Reports suggest that glucose levels can modulate microbiota and determine the host response (11). Hence, we categorized a subset of DW samples (n = 50) into those with “poor glucose control” (HbA1c ≥7.5%) and “good glucose control” (HbA1c <7.5%) (12) and studied their microbial community structure. Poor glucose control samples had a higher percentage of actinobacteria (9.6% versus 1.7%) (Fig. 6A), although alpha diversity metrics were similar between these two cohorts (Fig. 6B). An NMDS analysis could not clearly discriminate between good control and poor control samples (Fig. 6C).
FIG 6.
Microbial distribution in diabetic wound samples based on HbA1c values. Bacterial OTUs were taxonomically classified to the phylum level. Samples were classified into good (<7.5% HbA1c) and poor (≥7.5% HbA1c) glucose control. (A) Average relative abundance of each OTU categorized by its phylum. (B) Alpha diversity indices for the two cohorts. (C) NMDS results with normalized data for samples and stratified based on glucose control.
Microbiome in culture-negative DW samples.
While 22/100 DW samples failed to show any microbial growth in culture, NGS revealed presence of several culturable OTUs such as P. aeruginosa (11/22), S. aureus (7/22), and Acinetobacter baumannii (7/22) in culture-negative samples. To explore the microbiome of the culture negative samples, a principal-component analysis (PCA) was performed to compare culture-negative and culture-positive DW samples. Majority of the culture-negative samples formed a tight group with Alcaligenes as the strongest variable responsible for the cluster (Fig. 7).
FIG 7.
Microbiome diversity in culture negative DW samples based on NGS data. A principal-component analysis (PCA) graph developed from normalized data was constructed using NGS-based identification, and culture-negative samples (based on culture results, n = 22) were identified. A PCA biplot identified Alcaligenes as the major contributor to the clustering.
DISCUSSION
Infected foot ulcers remain a major complication of diabetes and treatment is often guided by empirical assessment based on clinical presentation. Despite gain in knowledge of the application of NGS technologies in the study of bacterial infections, there is a paucity in their translation to routine practice in clinical microbiology (13). Our culture-based methods identified S. aureus and P. aeruginosa as the frequently reported wound pathogens as has been reported earlier (11). However, our NGS-based study identified a diverse core microbiome of Alcaligenes, Pseudomonas, Burkholderia, Corynebacterium, Streptococcus, Staphylococcus, Achromobacter, Acinetobacter, Methylobacterium, and Bacillus consistent across all diabetic wounds. Certain trends were observed, such as an increase in facultative anaerobes with increasing wound severity and preferential presence of genera such as Proteus and Burkholderia based on gender. This suggests that, although there is a “core wound microbiome” prevalent among the samples, our study opens up an opportunity to use NGS for personalized medicine as we could observe quite a bit of variance in selected microbial genera across the samples. Knowledge of the wound pathogens needs to be complemented with their resistance patterns for it to be clinically relevant. Toward this, we carried out resistance profiles via MIC tests and found that isolates had higher resistance toward all antibiotics tested. The presence of a polymicrobial consortium with differing microbial resistance patterns in wound microenvironment could play a significant role in delaying wound healing process.

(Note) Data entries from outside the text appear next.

Lemma ipDr x y z : f z (x + y) = f z x + f z y.
Proof. by rewrite ipC ipDl !(ipC z). Qed.
Lemma ipZr a x y : f y (a *: x) = a * f y x.
Proof. by rewrite ipC ipZl ipC. Qed.
Lemma ip0l y : f 0 y = 0.
Proof. by rewrite -(scale0r 0) ipZl mul0r. Qed.
Lemma ip0r y : f y 0 = 0.
Proof. by rewrite ipC ip0l. Qed.
Lemma ipNl x y : f (- x) y = - f x y.
Proof. by rewrite -scaleN1r ipZl mulN1r. Qed.
Lemma ipNr x y : f y (- x) = - f y x.
Proof. by rewrite ipC ipNl ipC. Qed.
Lemma ipBr x y z : f z (x - y) = f z x - f z y.
Proof. by rewrite ipDr ipNr. Qed.
Lemma ipNlr x y : f (- x) (- y) = f x y.
Proof. by rewrite ipNl ipNr opprK. Qed.
Lemma ip_suml (I : finType) (F : I -> V) y :
  f (\sum_i F i) y = \sum_i f (F i) y.
Proof. by elim/big_ind2: _ => [|a b c d <- <-|//]; rewrite ?ip0l ?ipDl. Qed.
Lemma ip_sumr (I : finType) (F : I -> V) y :
  f y (\sum_i F i) = \sum_i f y (F i).
Proof. by rewrite ipC ip_suml; apply: eq_bigr => i _; rewrite ipC. Qed.

End InnerForm.

Lemma inner_form_ip (R : realType) (H : completeNormedModType R)
    (ip : H -> H -> R) : is_inner_product ip -> inner_form ip.
Proof.
case=> ipC ipD ipZ ipn; split=> // x; first by rewrite ipn exprn_ge0.
by rewrite ipn => /eqP; rewrite sqrf_eq0 normr_eq0 => /eqP.
Qed.

Lemma inner_form_prod (R : realType) (V U : lmodType R)
    (f : V -> V -> R) (g : U -> U -> R) :
  inner_form f -> inner_form g -> inner_form (prod_form f g).
Proof.
move=> hf hg; split=> [p q|p q r|a p q|p|p].
- by rewrite /prod_form !(ipC hf p.1) (ipC hg p.2).
- by rewrite /prod_form !(ipDl hf, ipDl hg) addrACA.
- by rewrite /prod_form (ipZl hf) (ipZl hg) mulrDr.
- by rewrite addr_ge0 ?(ip_ge0 hf) ?(ip_ge0 hg).
move=> /eqP; rewrite paddr_eq0 ?(ip_ge0 hf) ?(ip_ge0 hg) //.
case/andP=> /eqP/(ip_eq0 hf) p1 /eqP/(ip_eq0 hg) p2.
by case: p p1 p2 => /= ? ? -> ->.
Qed.

Section ProductSpace.
Variables (R : realType) (H : completeNormedModType R) (N : nat).
Variable ip : H -> H -> R.
Hypothesis ip_inner : inner_form ip.

Lemma inner_form_ipN : inner_form (ipN (N := N) ip).
Proof.
split=> [x y|x y z|a x y|x|x]; rewrite /ipN.
- by apply: eq_bigr => i _; rewrite (ipC ip_inner).
- by rewrite -big_split; apply: eq_bigr => i _; rewrite ffunE (ipDl ip_inner).
- by rewrite mulr_sumr; apply: eq_bigr => i _; rewrite ffunE (ipZl ip_inner).
- by apply: sumr_ge0 => i _; apply: (ip_ge0 ip_inner).
move=> x0; apply/ffunP => i; rewrite ffunE; apply: (ip_eq0 ip_inner).
by apply: (psumr_eq0P _ x0) => // j _; apply: (ip_ge0 ip_inner).
Qed.

Lemma inner_form_ipNN : inner_form (ipNN (N := N) ip).
Proof. exact: (inner_form_prod inner_form_ipN inner_form_ipN). Qed.

End ProductSpace.

Definition monotone_saturated (R : realType) (V : zmodType) (f : V -> V -> R)
    (T : V -> set V) : Prop :=
  forall a b, (forall y v, T y v -> 0 <= f (a - y) (b - v)) -> T a b.

Section MaximalMonotone.
Variables (R : realType) (V : lmodType R) (f : V -> V -> R).
Hypothesis f_inner : inner_form f.

Lemma maximally_monotoneP (T : V -> set V) :
  maximally_monotone f T <-> monotone_op f T /\ monotone_saturated f T.
Proof.
split=> [[monoT maxT]|[monoT satT]]; last first.
  split=> // T' monoT' subT; apply: funext => x; apply/seteqP.
  split=> u; last exact: subT.
  by move=> T'xu; apply: satT => y v Tyv; apply: monoT' => //; apply: subT.
split=> // a b hab.
pose T' x := [set u | T x u \/ (x = a /\ u = b)].
have monoT' : monotone_op f T'.
  move=> x y u v [Txu|[-> ->]] [Tyv|[-> ->]].
  - exact: monoT.
  - by rewrite -(ipNlr f_inner) !opprB; apply: hab.
  - exact: hab.
  - by rewrite !subrr (ip0l f_inner).
by rewrite -(maxT T' monoT' (fun x u => @or_introl _ _)); right.
Qed.
Lemma veto_assignment_sum_le n (pi : 'I_n -> {perm 'I_M.+1}) q a v
    (D : 'I_n -> 'I_M.+1 -> R) (g : 'I_n -> R) (h : 'I_M.+1 -> R) :
  veto_assignment pi q a v ->
  (forall i c c', (position (pi i) c <= position (pi i) c')%N -> D i c <= D i c') ->
  (forall i c, D i c <= g i + h c) ->
  \sum_i D i a <= \sum_i g i + \sum_c q c * h c.
Proof.
case=> v_ge0 sum_v load_v pref_v D_mono D_le.
have D_a_le i : D i a <= g i + \sum_c v i c * h c.
  rewrite -[D i a]mul1r -(sum_v i) mulr_suml.
  apply: le_trans (_ : _ <= \sum_c v i c * (g i + h c)) _.
    apply: ler_sum => c _; have [v_gt0|v_le0] := ltP 0 (v i c).
      by rewrite ler_wpM2l ?v_ge0 // (le_trans (D_mono _ _ _ (pref_v _ _ v_gt0))).
    by rewrite (@le_anti _ _ (v i c) 0) ?v_le0 ?v_ge0 // !mul0r.
  under eq_bigr do rewrite mulrDr.
  by rewrite big_split -mulr_suml sum_v mul1r.
apply: le_trans (ler_sum _ (fun i _ => D_a_le i)) _.
rewrite big_split /= exchange_big /=.
by rewrite lerD2l; under eq_bigr do rewrite -mulr_suml load_v.
Qed.

End FractionalVeto.

Lemma moderate_upto_inj m (J : 'I_m.-1 -> bool) k1 k2 :
  moderate_upto J k1 -> moderate_upto J k2 -> k1 = k2.
Proof.
wlog le_k12 : k1 k2 / (k1 <= k2)%N.
  move=> wlog_le J1 J2; have [le_k12|/ltnW le_k21] := leqP k1 k2; first exact: wlog_le.
  exact/esym/wlog_le.
move=> [_ _ _ strong1] [_ le_k2m weak2 _]; apply/eqP; rewrite eqn_leq le_k12 leqNgt.
apply/negP => lt_k12; have lt_k1m : (k1 < m.-1)%N by exact: leq_trans lt_k12 le_k2m.
by have := strong1 (Ordinal lt_k1m) erefl; rewrite weak2.
Qed.

Section Election.
Variables (R : realType) (alpha : R).
Hypotheses (alpha_ge0 : 0 <= alpha) (alpha_le1 : alpha <= 1).
Variables (M n : nat) (sigma : 'I_n -> pref M.+1).

Let ranking i := (sigma i).1.

Section Metric.
Variable d : 'I_n + 'I_M.+1 -> 'I_n + 'I_M.+1 -> R.
Hypotheses (d_metric : is_metric d) (d_consistent : alpha_consistent alpha sigma d).

Definition ranked_dist i u := d (inl i) (inr (ranking i (inord u))).

Lemma ranked_dist_position i c : ranked_dist i (position (ranking i) c) = d (inl i) (inr c).
Proof. by rewrite /ranked_dist perm_inord_position. Qed.

Lemma ranked_dist_link i u (lt_uM : (u < M)%N) :
  let x := ranked_dist i in
  if (sigma i).2 (Ordinal lt_uM) then x u <= alpha * x u.+1
  else (x u <= x u.+1) && (alpha * x u.+1 < x u).
Proof.
have := d_consistent i (Ordinal lt_uM).
have -> : @pos_lo M.+1 (Ordinal lt_uM) = inord u :> 'I_M.+1.
  by apply: val_inj; rewrite /= inordK // ltnW.
have -> : @pos_hi M.+1 (Ordinal lt_uM) = inord u.+1 :> 'I_M.+1.
  by apply: val_inj; rewrite /= inordK.
done.
Qed.

Lemma ranked_dist_step i u : (u < M)%N -> ranked_dist i u <= ranked_dist i u.+1.
Proof.
move=> lt_uM; have /= := ranked_dist_link i lt_uM; case: ((sigma i).2 _) => [le_x|/andP[] //].
have [d_ge0 _ _ _] := d_metric; have := d_ge0 (inl i) (inr (ranking i (inord u.+1))).
rewrite -/(ranked_dist i u.+1); have := alpha_le1; nra.
Qed.

Lemma dist_position_mono i c c' : (position (ranking i) c <= position (ranking i) c')%N ->
  d (inl i) (inr c) <= d (inl i) (inr c').
Proof.
move=> le_cc'; rewrite -!ranked_dist_position; apply: (homo_le_upto (ranked_dist_step i)).
by rewrite le_cc' -ltnS ltn_ord.
Qed.

Lemma lottery_cost_le i l b : moderate_upto (sigma i).2 l ->
  \sum_c lottery alpha l (position (ranking i) c) * d (inr b) (inr c)
    <= (1 + Num.max alpha (tseq alpha l)) * d (inl i) (inr b).
Proof.
case=> _ le_lM weak strong; have [d_ge0 d_sym d_tri d_refl] := d_metric.
set x := ranked_dist i; set s := position (ranking i) b.
under eq_bigr => c _ do rewrite -{2}(perm_inord_position (ranking i) c).
rewrite (sum_position _ (fun u => lottery alpha l u * d (inr b) (inr (ranking i (inord u))))).
apply: le_trans (_ : _ <= \sum_(0 <= u < M.+1) lottery alpha l u * detour x s u) _.
  apply: ler_sum => u _; apply: ler_wpM2l; first exact: lottery_ge0.
  rewrite /detour; case: eqP => [->|_]; first by rewrite perm_inord_position d_refl.
  by rewrite /x ranked_dist_position [d (inl i) _]d_sym; exact: d_tri.
rewrite -ranked_dist_position; apply: lottery_detour_le_max => //.
- by rewrite -ltnS ltn_ord.
- exact: ranked_dist_step.
- move=> u lt_ul; have lt_uM := leq_trans lt_ul le_lM.
  by have := ranked_dist_link i lt_uM; rewrite weak // => /andP[_ /ltW].
- by move=> lt_lM; have := ranked_dist_link i lt_lM; rewrite strong.
- exact: d_ge0.
Qed.

End Metric.

Lemma exists_cost_bounded_winner l : (forall i, moderate_upto (sigma i).2 (l i)) ->
  exists a, forall d, is_metric d -> alpha_consistent alpha sigma d -> forall b,
    cost d a <= (2 + Num.max alpha (t_seq alpha (\max_i l i))) * cost d b.
Proof.
move=> moderate_l; have [n0|n_gt0] := posnP n.
  exists ord0 => d _ _ b.
  suff sum0 (F : 'I_n -> R) : \sum_i F i = 0 by rewrite /cost !sum0 mulr0.
  by apply: big1 => i _; exfalso; move: (ltn_ord i); rewrite [X in (_ < X)%N]n0.
set L := (\max_i l i)%N; set bound := Num.max alpha (t_seq alpha L).
pose q c := \sum_i lottery alpha (l i) (position (ranking i) c).
have q_ge0 c : 0 <= q c by apply: sumr_ge0 => j _; exact: lottery_ge0.
have sum_q : \sum_c q c = n%:R.
  rewrite exchange_big /= -[n in RHS]card_ord -sumr_const; apply: eq_bigr => i _.
  by rewrite sum_position lottery_sum_wide //; case: (moderate_l i).
have [a [_ [v veto_v]]] := fractional_veto ranking n_gt0 q_ge0 sum_q.
exists a => d d_metric d_consistent b; have [d_ge0 d_sym d_tri _] := d_metric.
have := veto_assignment_sum_le veto_v (dist_position_mono d_metric d_consistent)
  (fun i c => d_tri (inl i) (inr b) (inr c)).
rewrite -/(cost d a) -/(cost d b) => cost_a_le.
suff : \sum_c q c * d (inr b) (inr c) <= (1 + bound) * cost d b by lra.
under eq_bigr do rewrite mulr_suml.
rewrite exchange_big /= /cost mulr_sumr; apply: ler_sum => i _.
apply: le_trans (lottery_cost_le d_metric d_consistent b (moderate_l i)) _.
have [le1_l _ _ _] := moderate_l i; have le_lL : (l i <= L)%N by exact: leq_bigmax.
have t_le : tseq alpha (l i) <= t_seq alpha L by rewrite t_seqE ?tseq_mono ?(leq_trans le1_l).
by rewrite ler_wpM2r // lerD2l ge_max le_max lexx /= le_max t_le orbT.
Qed.

Lemma exists_winner : exists a, forall l,
  (forall i, moderate_upto (sigma i).2 (l i)) ->
  forall d, is_metric d -> alpha_consistent alpha sigma d -> forall b,
    cost d a <= (2 + Num.max alpha (t_seq alpha (\max_i l i))) * cost d b.
Proof.
have [[l moderate_l]|no_rank] := pselect (exists l, forall i, moderate_upto (sigma i).2 (l i)).
  have [a a_le] := exists_cost_bounded_winner moderate_l.
  exists a => l' moderate_l'; suff -> : l' = l by [].
  by apply: funext => i; exact: moderate_upto_inj (moderate_l' i) (moderate_l i).
by exists ord0 => l moderate_l; case: no_rank; exists l.
Qed.

End Election.

Lemma dist_alpha_le (R : realType) n m (alpha : R) (sigma : 'I_n -> pref m) a (B : R) :
  0 <= B ->
  (forall d, is_metric d -> alpha_consistent alpha sigma d ->
     forall b, cost d a <= B * cost d b) ->
  (dist_alpha alpha sigma a <= B%:E)%E.
Proof.
move=> B_ge0 cost_a_le; apply: ge_ereal_sup => _ [d [d_metric d_consistent ->]].
have [d_ge0 _ _ _] := d_metric.
have cost_ge0 b : 0 <= cost d b by apply: sumr_ge0 => i _.
have cost_a_le_opt : cost d a <= B * opt_cost d a.
  rewrite /opt_cost; apply: (big_ind (fun y => cost d a <= B * y)) => //.
  - exact: cost_a_le.
  - by move=> y z; case: (leP y z).
  - by move=> b _; exact: cost_a_le.
rewrite lee_fin; have [opt_le0|opt_gt0] := leP (opt_cost d a) 0.
  have cost_a0 : cost d a = 0.
    by apply/le_anti; rewrite cost_ge0 (le_trans cost_a_le_opt) // mulr_ge0_le0.
  by rewrite cost_a0 mul0r.
by rewrite ler_pdivrMr // mulrC.
Qed.

Theorem theorem4 (R : realType) (m : nat) (alpha : R) :
  (2 <= m)%N -> 0 <= alpha <= 1 ->
  exists f : forall n : nat, ('I_n -> pref m) -> 'I_m,
    forall (n : nat) (sigma : 'I_n -> pref m) (l : 'I_n -> nat),
      (forall i : 'I_n, moderate_upto (sigma i).2 (l i)) ->
      (dist_alpha alpha sigma (f n sigma)
         <= (2 + Num.max alpha (t_seq alpha (\max_(i < n) l i)%N))%:E)%E.
Proof.
move=> /ltnW; case: m => [//|M] _ /andP[alpha_ge0 alpha_le1].
exists (fun n sigma => sval (cid (exists_winner alpha_ge0 alpha_le1 sigma))).
move=> n sigma l moderate_l; apply: dist_alpha_le => [|d d_metric d_consistent].
  by rewrite addr_ge0 // le_max alpha_ge0.
exact: (svalP (cid (exists_winner alpha_ge0 alpha_le1 sigma))).
Qed.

While studies based on 16S metagenomics have profiled chronic wounds from neuropathic or ischemic diabetic foot ulcers (14, 15), there are very few studies that offer direct comparison of culture-based approach with sequence-based techniques. Culture-dependent techniques remain the most widely available diagnostic tool for infection diagnosis (14). However, their effectiveness in capturing the entire repertoire of microbes and especially strict anaerobes is highly debated (16). Bacteria are rarely found as monomicrobial entities and, as the wound progresses, the presence of necrotic tissue as well as a poor supply of oxygen and significant biofilm production favors the growth of facultative or obligate anaerobes (5, 17). In our NGS study, a steady increase in facultative anaerobes was observed as the wound progressed, with the exception of WG5. The most frequently identified anaerobes were Prevotella, Finegoldia, Propionibacterium, and Clostridium among several others, as observed earlier (18). The large proportion of obligate anaerobes in WG1 is alarming and suggests that synergistic interactions between anaerobes and aerobes might also contribute to wound chronicity. The lack of anaerobes in severe wounds in our study could be due to the sampling technique employed. Though the Levine technique for sampling of microbes is considered as a superior technique for fresh and viable wounds, a majority of the samples collected in this study included eschar and necrotic areas especially in higher wound grades. Therefore, we chose a Z-stroke method covering the entire breadth of the wound. However, both the Z-stroke and Levine techniques are surface sampling techniques that have limited potential in capturing anaerobes found in deeper areas of the wound. These are best captured by invasive sampling techniques such as tissue biopsy or needle aspiration (19).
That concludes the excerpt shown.